• **ABOUT THIS EXERCISE**:
Please print the entries below exactly, from the line with "cont3 (dsp IX" through the line with "dt (dt u) x y t", including both of those lines and leaving out all others.

Saved data entries
(* Let $\mu>0$. There is $K=K(\mu)$ such that for every integer $k\ge K$ the following holds. There exist a $C^2$ function $f:\mathbb{R}\to\mathbb{R}$ with $f'(0)=0$ and numbers $C=C(\mu,k)\in(0,\tfrac25]$ and $t_0=t_0(\mu,k)$ with $t_0-C>0$, such that: (i) $u_1=\cos(kx)f(t)$ solves $\ddot u_1+\operatorname{div}\!\left[\begin{pmatrix}\frac{\mu}{2k^2}&0\\0&1+\frac{\mu}{4k^2}\end{pmatrix}\nabla u_1\right]=-\mu u_1$ for $t\le t_0-C$; (ii) with $u_2=\cos(kx)e^{-k(t-t_0)}$, which solves $\ddot u_2+\operatorname{div}\!\left[\begin{pmatrix}1+\frac{\mu}{k^2}&0\\0&1+\frac{\mu}{4k^2}\end{pmatrix}\nabla u_2\right]=-\mu u_2$, there is a transformation of $u_1$ into $u_2$ within $\mathbb{T}^2\times[t_0-C,t_0]$: a $C^2$ function $u$ and a $C^1$ real $2\times 2$ matrix function $A$ in the regularity class $R(5k^2/\mu,10)$ with $\ddot u+\operatorname{div}(A\nabla u)=-\mu u$ on $\mathbb{T}^2\times\mathbb{R}$, such that $u=u_1$ and $A=\begin{pmatrix}\frac{\mu}{2k^2}&0\\0&1+\frac{\mu}{4k^2}\end{pmatrix}$ for $t\le t_0-C$, and $u=u_2$, $A=\begin{pmatrix}1+\frac{\mu}{k^2}&0\\0&1+\frac{\mu}{4k^2}\end{pmatrix}$ for $t\ge t_0$.
   Context: $\mathbb{T}^2=(\mathbb{R}/2\pi\mathbb{Z})^2$ with coordinates $(x,y)$; $t$ the third coordinate. $\ddot u+\operatorname{div}(A\nabla u)$ means $\partial_t^2u+\sum_{i,j\in\{x,y\}}\partial_i(A_{ij}\partial_ju)$. Regularity class $R(\Lambda,C)$: $\Lambda^{-1}|\xi|^2\le\xi^TA\xi\le\Lambda|\xi|^2$ for all $\xi\in\mathbb{R}^2$ at every point, and the entries of $A$ are $C^1$ with all first partial derivatives in $x,y,t$ bounded by $C$ in absolute value. *)

From Stdlib Require Import Reals Lra.
From Coquelicot Require Import Coquelicot.
Open Scope R_scope.

(* Functions on T^2 x R are represented as functions R -> R -> R -> R
   (arguments x, y, t) that are 2*PI-periodic in x and in y. *)
Definition fn3 := R -> R -> R -> R.

Inductive idx : Type := IX | IY.

Definition dsp (i : idx) (F : fn3) : fn3 :=
  match i with
  | IX => fun x y t => Derive (fun s => F s y t) x
  | IY => fun x y t => Derive (fun s => F x s t) y
  end.

Definition dt (F : fn3) : fn3 := fun x y t => Derive (fun s => F x y s) t.

Definition periodic2 (F : fn3) : Prop :=
  forall x y t, F (x + 2 * PI) y t = F x y t /\ F x (y + 2 * PI) t = F x y t.

Definition cont3 (F : fn3) : Prop :=
  forall x y t,
    continuous (fun p : R * R * R => F (fst (fst p)) (snd (fst p)) (snd p))
               (x, y, t).

Definition partials_exist (F : fn3) : Prop :=
  forall x y t,
    ex_derive (fun s => F s y t) x /\ ex_derive (fun s => F x s t) y /\
    ex_derive (fun s => F x y s) t.

Definition C1_3 (F : fn3) : Prop :=
  cont3 F /\ partials_exist F /\
  cont3 (dsp IX F) /\ cont3 (dsp IY F) /\ cont3 (dt F).

Definition C2_3 (F : fn3) : Prop :=
  C1_3 F /\ C1_3 (dsp IX F) /\ C1_3 (dsp IY F) /\ C1_3 (dt F).

Definition C2_1 (f : R -> R) : Prop :=
  (forall t, ex_derive_n f 2 t) /\ (forall t, continuity_pt (Derive_n f 2) t).

Definition matfn := idx -> idx -> fn3.

Definition wave_op (A : matfn) (u : fn3) (x y t : R) : R :=
  dt (dt u) x y t
  + dsp IX (fun a b c => A IX IX a b c * dsp IX u a b c) x y t
  + dsp IX (fun a b c => A IX IY a b c * dsp IY u a b c) x y t
  + dsp IY (fun a b c => A IY IX a b c * dsp IX u a b c) x y t
  + dsp IY (fun a b c => A IY IY a b c * dsp IY u a b c) x y t.

Definition solves_at (mu : R) (A : matfn) (u : fn3) (x y t : R) : Prop :=
  wave_op A u x y t = - mu * u x y t.

Definition quadform (A : matfn) (x y t xi1 xi2 : R) : R :=
  A IX IX x y t * xi1 * xi1 + A IX IY x y t * xi1 * xi2
  + A IY IX x y t * xi2 * xi1 + A IY IY x y t * xi2 * xi2.

Definition reg_class (Lam Cb : R) (A : matfn) : Prop :=
  (forall x y t xi1 xi2,
      / Lam * (xi1 ^ 2 + xi2 ^ 2) <= quadform A x y t xi1 xi2 /\
      quadform A x y t xi1 xi2 <= Lam * (xi1 ^ 2 + xi2 ^ 2)) /\
  (forall i j, C1_3 (A i j)) /\
  (forall i j x y t,
      Rabs (dsp IX (A i j) x y t) <= Cb /\
      Rabs (dsp IY (A i j) x y t) <= Cb /\
      Rabs (dt (A i j) x y t) <= Cb).

Definition diagmat (a b : R) : matfn :=
  fun i j => fun _ _ _ =>
    match i, j with
    | IX, IX => a
    | IY, IY => b
    | _, _ => 0
    end.

From Stdlib Require Import Reals Lra Psatz FunctionalExtensionality.
From Coquelicot Require Import Coquelicot.
Open Scope R_scope.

• **ANSWER SECTION**:
  cont3 (dsp IX F) /\ cont3 (dsp IY F) /\ cont3 (dt F).

Definition C2_3 (F : fn3) : Prop :=
  C1_3 F /\ C1_3 (dsp IX F) /\ C1_3 (dsp IY F) /\ C1_3 (dt F).

Definition C2_1 (f : R -> R) : Prop :=
  (forall t, ex_derive_n f 2 t) /\ (forall t, continuity_pt (Derive_n f 2) t).

Definition matfn := idx -> idx -> fn3.

Definition wave_op (A : matfn) (u : fn3) (x y t : R) : R :=
  dt (dt u) x y t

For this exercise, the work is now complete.